The task:
Reproduce exactly the line that includes "split; first exact: block_cyclic_avoids_321." and all lines after it, ending with the last line of the data.

- Opening Delimiter -

Theorem mainTheorem11 :
  (forall (n m : nat) (p : 'S_n), 0 < m -> block_cyclic p -> block_cyclic (p ^+ m)%g) /\
  (forall (n : nat) (p : 'S_n), block_cyclic p -> avoids p pat321) /\
  (forall (n : nat) (p : 'S_n), block_cyclic p -> strongly_avoids p pat321) /\
  h 0 = 1%N /\
  (forall n : nat, fps_mul (fun k => Posz (h k)) den1 n = one_fps n) /\
  (forall n : nat, fps_mul (fun k => Posz (h k)) den2 n = num2 n).
Proof.
split; first by move=> n m p _; exact: block_cyclicX.
split; first exact: block_cyclic_avoids_321.
split; first exact: block_cyclic_strongly_avoids_321.
split; first by rewrite h_block_lists.
by split; [exact: h_den1 | exact: h_den2].
Qed.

- Closing Delimiter -

Solved problem:
split; first exact: block_cyclic_avoids_321.
split; first exact: block_cyclic_strongly_avoids_321.
split; first by rewrite h_block_lists.
by split; [exact: h_den1 | exact: h_den2].
Qed.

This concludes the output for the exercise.